I have a model based on this answer that I am using to perform a linear regression between environmental observations. The model works fine, but does not allow me to predict on test data with a different length, due to both the reasons suggested here.
Removing the deterministic part seems fine, but not the explicit shape part. How could I reformulate this model to still capture the errors-in-variables and allow for prediction.

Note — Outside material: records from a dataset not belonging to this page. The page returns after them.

(* If $W$ is a non-empty null-homotopic closed walk, then at least two segments of $W$ are retractable.
   Context: A closed walk in a simple graph is a cyclic sequence $u_1,\ldots,u_m$ of vertices with $u_iu_{i+1}$ an edge for $i<m$ and $u_mu_1$ an edge. A segment is a cyclically consecutive triple $u_iu_{i+1}u_{i+2}$ (indices mod $m$); it is retractable if $u_i=u_{i+2}$, and deleting $u_{i+1}$ and $u_{i+2}$ is a one-step retraction (for a closed walk of length two the result is the empty walk). The topological retract is obtained by performing one-step retractions as long as possible (it is unique). A closed walk is null-homotopic if its topological retract is empty. *)

From mathcomp Require Import all_boot.
Set Implicit Arguments. Unset Strict Implicit. Unset Printing Implicit Defensive.

(* A simple graph: vertex type T : finType, adjacency e : rel T, symmetric and
   irreflexive. *)
Definition closed_walk (T : eqType) (e : rel T) (w : seq T) : bool := cycle e w.

(* The segment starting at position i (0 <= i < size w) is the cyclic triple
   w_i w_{i+1} w_{i+2} (indices mod m); it is retractable iff w_i = w_{i+2}. *)
Definition retractable (T : eqType) (w : seq T) (i : nat) : bool :=
  match w with
  | [::] => false
  | x :: _ => nth x w (i %% size w) == nth x w ((i + 2) %% size w)
  end.

(* The result
   is a cyclic sequence; we return it rotated to start at w_i. *)
Definition retract1 (T : eqType) (w : seq T) (i : nat) : seq T :=
  if size w <= 2 then [::] else
  match rot i w with
  | a :: _ :: _ :: r => a :: r
  | _ => [::]
  end.

Definition retract_step (T : eqType) (w : seq T) : seq T :=
  let i := find (retractable w) (iota 0 (size w)) in
  if i < size w then retract1 w i else w.

(* Topological retract: perform one-step retractions as long as possible.
   Each step decreases the length, so size w iterations suffice. *)
Definition topological_retract (T : eqType) (w : seq T) : seq T :=
  iter (size w) (@retract_step T) w.

Definition null_homotopic (T : eqType) (w : seq T) : bool :=
  topological_retract w == [::].

Definition num_retractable (T : eqType) (w : seq T) : nat :=
  count (retractable w) (iota 0 (size w)).

From mathcomp Require Import all_boot.
From mathcomp Require Import zify.

Set Implicit Arguments.
Unset Strict Implicit.
Unset Printing Implicit Defensive.

(* A one-step retraction turns a closed walk, rotated so that the retracted
   segment comes first, from [a b a r] into [a r].  Every segment of [a r]
   except the last one reappears, shifted by two positions, in [a b a r], and
   [a b a] itself is retractable, so retractions never increase the number of
   retractable segments.  A null-homotopic walk retracts down to a closed walk
   of length at most two before becoming empty; length one is impossible in a
   loopless graph and a walk [x y] has two retractable segments. *)

Lemma count_iota_periodic (P : pred nat) n k :
  (forall j, P (j + n) = P j) -> count P (iota k n) = count P (iota 0 n).
Proof.
move=> P_per; elim: k => // k <-; case: n P_per => // n P_per.
by rewrite -(addn1 n) iotaD count_cat /= addn0 addSnnS P_per addn1 addnC.
Qed.

Section Retractable.
Variable T : eqType.
Implicit Types (w r : seq T) (a b : T).

Lemma nth_rot (x0 : T) w k j : k <= size w -> j < size w ->
  nth x0 (rot k w) j = nth x0 w ((k + j) %% size w).
Proof.
move=> le_k_w lt_j_w; rewrite /rot nth_cat size_drop.
case: ifP => lt_j_drop.
  by rewrite nth_drop modn_small //; lia.
rewrite nth_take; last by lia.
have -> : k + j = size w + (j - (size w - k)) by lia.
by rewrite modnDl modn_small //; lia.
Qed.

Lemma retractableE (x0 : T) w i : 0 < size w ->
  retractable w i = (nth x0 w (i %% size w) == nth x0 w ((i + 2) %% size w)).
Proof.
case: w => [|x w] //= _.
by rewrite !(set_nth_default x0 x) ?ltn_pmod.
Qed.

Lemma retractable_rot w k j : k < size w ->
  retractable (rot k w) j = retractable w (k + j).
Proof.
case: w => [|x w] // lt_k_w.
rewrite !(retractableE x) ?size_rot // !nth_rot ?ltn_pmod ?(ltnW lt_k_w) //.
by rewrite !modnDmr addnA.
Qed.

Lemma retractable_periodic w j : retractable w (j + size w) = retractable w j.
Proof. by case: w => [|x w] //; rewrite !(retractableE x) // addnAC !modnDr. Qed.

Lemma num_retractable_rot w k : k < size w ->
  num_retractable (rot k w) = num_retractable w.
Proof.
move=> lt_k_w; rewrite /num_retractable size_rot.
rewrite (eq_count (a2 := retractable w \o addn k)); last first.
  by move=> j /=; rewrite retractable_rot.
rewrite -count_map -iotaDl addn0.
exact/count_iota_periodic/retractable_periodic.
Qed.

Lemma nth_spur a b r k : k <= size r + 1 ->
  nth a [:: a, b, a & r] ((k + 2) %% (size r + 3)) =
  nth a (a :: r) (k %% (size r + 1)).
Proof.
move=> le_k_r; case: (ltnP k (size r + 1)) => lt_k_r.
  by rewrite addn2 !modn_small //; lia.
have -> : k = size r + 1 by lia.
by rewrite -addnA modnn modnn.
Qed.

Lemma retractable_spur a b r j : j < size r ->
  retractable [:: a, b, a & r] (2 + j) = retractable (a :: r) j.
Proof.
move=> lt_j_r; rewrite addnC !(retractableE a) //.
have -> : size [:: a, b, a & r] = size r + 3 by rewrite /= addn3.
have -> : size (a :: r) = size r + 1 by rewrite addn1.
by rewrite !nth_spur //; lia.
Qed.

Lemma num_retractable_spur a b r :
  num_retractable (a :: r) <= num_retractable [:: a, b, a & r].
Proof.
rewrite /num_retractable.
have -> : size (a :: r) = size r + 1 by rewrite addn1.
have -> : size [:: a, b, a & r] = 2 + (size r + 1) by rewrite /= addn1.
rewrite !iotaD !count_cat addnA.
have retr0 : retractable [:: a, b, a & r] 0.
  by rewrite (retractableE a) //= !modn_small.
have shift : count (retractable (a :: r)) (iota 0 (size r))
           = count (retractable [:: a, b, a & r]) (iota 2 (size r)).
  rewrite (iotaDl 2 0) count_map; apply: eq_in_count => j.
  by rewrite mem_iota add0n => /andP[_ /(retractable_spur a b)].
have head_retr : 0 < count (retractable [:: a, b, a & r]) (iota 0 2).
  by rewrite -has_count; apply/hasP; exists 0.
have last_le1 : count (retractable (a :: r)) (iota (size r) 1) <= 1.
  exact: count_size.
rewrite !add0n; lia.
Qed.

Lemma num_retractable_pair (x y : T) : num_retractable [:: x; y] = 2.
Proof. by rewrite /num_retractable /retractable /= !eqxx. Qed.

Lemma retract_step_spur w : 2 < size w -> has (retractable w) (iota 0 (size w)) ->
  exists i a b r,
    [/\ i < size w, rot i w = [:: a, b, a & r] & retract_step w = a :: r].
Proof.
move=> w_big has_retr; set i := find (retractable w) (iota 0 (size w)).
have lt_i_w : i < size w by move: has_retr; rewrite has_find size_iota.
have retr_i : retractable (rot i w) 0.
  by rewrite retractable_rot // addn0; have := nth_find 0 has_retr; rewrite nth_iota.
exists i; rewrite /retract_step /retract1 -/i lt_i_w leqNgt w_big /=.
have : 2 < size (rot i w) by rewrite size_rot.
case: (rot i w) retr_i => [|a [|b [|c r]]] // retr_i _.
by move: retr_i; rewrite (retractableE a) //= => /eqP <-; exists a, b, r.
Qed.

Lemma retract_step_id w : ~~ has (retractable w) (iota 0 (size w)) ->
  retract_step w = w.
Proof. by rewrite /retract_step has_find size_iota => /negbTE ->. Qed.

Lemma cycle_spur (e : rel T) a b r : cycle e [:: a, b, a & r] -> cycle e (a :: r).
Proof. by case/and3P. Qed.

Lemma num_retractable_iter_nil (e : rel T) : irreflexive e -> forall k w,
  cycle e w -> w != [::] -> iter k (@retract_step T) w = [::] ->
  2 <= num_retractable w.
Proof.
move=> e_irr; elim=> [|k IH] w walk_w w_nonnil.
  by move=> /= w_nil; rewrite w_nil in w_nonnil.
rewrite iterSr; case: (ltnP 2 (size w)) => [w_big|w_small].
  have [has_retr|no_retr] := boolP (has (retractable w) (iota 0 (size w))).
    have [i [a [b [r [lt_i_w rot_w ->]]]]] := retract_step_spur w_big has_retr.
    rewrite -(num_retractable_rot lt_i_w) rot_w => retr_nil.
    apply: leq_trans (num_retractable_spur a b r); apply: IH => //.
    by apply: (cycle_spur (b := b)); rewrite -rot_w rot_cycle.
  by rewrite retract_step_id //; apply: IH.
case: w w_small walk_w w_nonnil => [|x [|y [|z w]]] // _.
  by rewrite /= e_irr.
by rewrite num_retractable_pair.
Qed.

End Retractable.

Theorem mainTheorem13 (T : finType) (e : rel T)
  (e_sym : symmetric e) (e_irr : irreflexive e) (w : seq T) :
  closed_walk e w -> w != [::] -> null_homotopic w ->
  2 <= num_retractable w.
Proof.
move=> walk_w w_nonnil /eqP retract_nil.
exact: (num_retractable_iter_nil e_irr walk_w w_nonnil retract_nil).
Qed.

Any help would be much appreciated.
Training data:
# True parameter values
alpha_true = 0
beta_true = 2
# Size of dataset
size = 100
# True data
x_true = np.array(np.linspace(-5,5,size))
y_true = alpha_true + beta_true * x_true
# Add noise to data
x = x_true + np.random.normal(loc=0, scale=1, size=size)
y = y_true + np.random.normal(loc=0, scale=1, size=size)
Model
x_in = shared(x)
y_in = shared(y)
with pm.Model() as model:
err_odr = pm.HalfNormal('err_odr', 5.)
err_param = pm.HalfNormal('err_param', 5.)
a = pm.Normal('intercept', 0, err_param)
b = pm.Normal('slope', 0, err_param)
x_lat = pm.Normal('x_lat', 0, 5., shape=x.shape[0])
x_obs = pm.Normal('x_obs', mu=x_lat, sd=err_odr, observed=x_in, shape=x.shape[0])
y_lat = a + b * x_lat
y_obs = pm.Normal('y_obs', mu=y_lat, sd=err_odr, observed=y_in)
trace = pm.sample(2000, tune=2000, cores=1)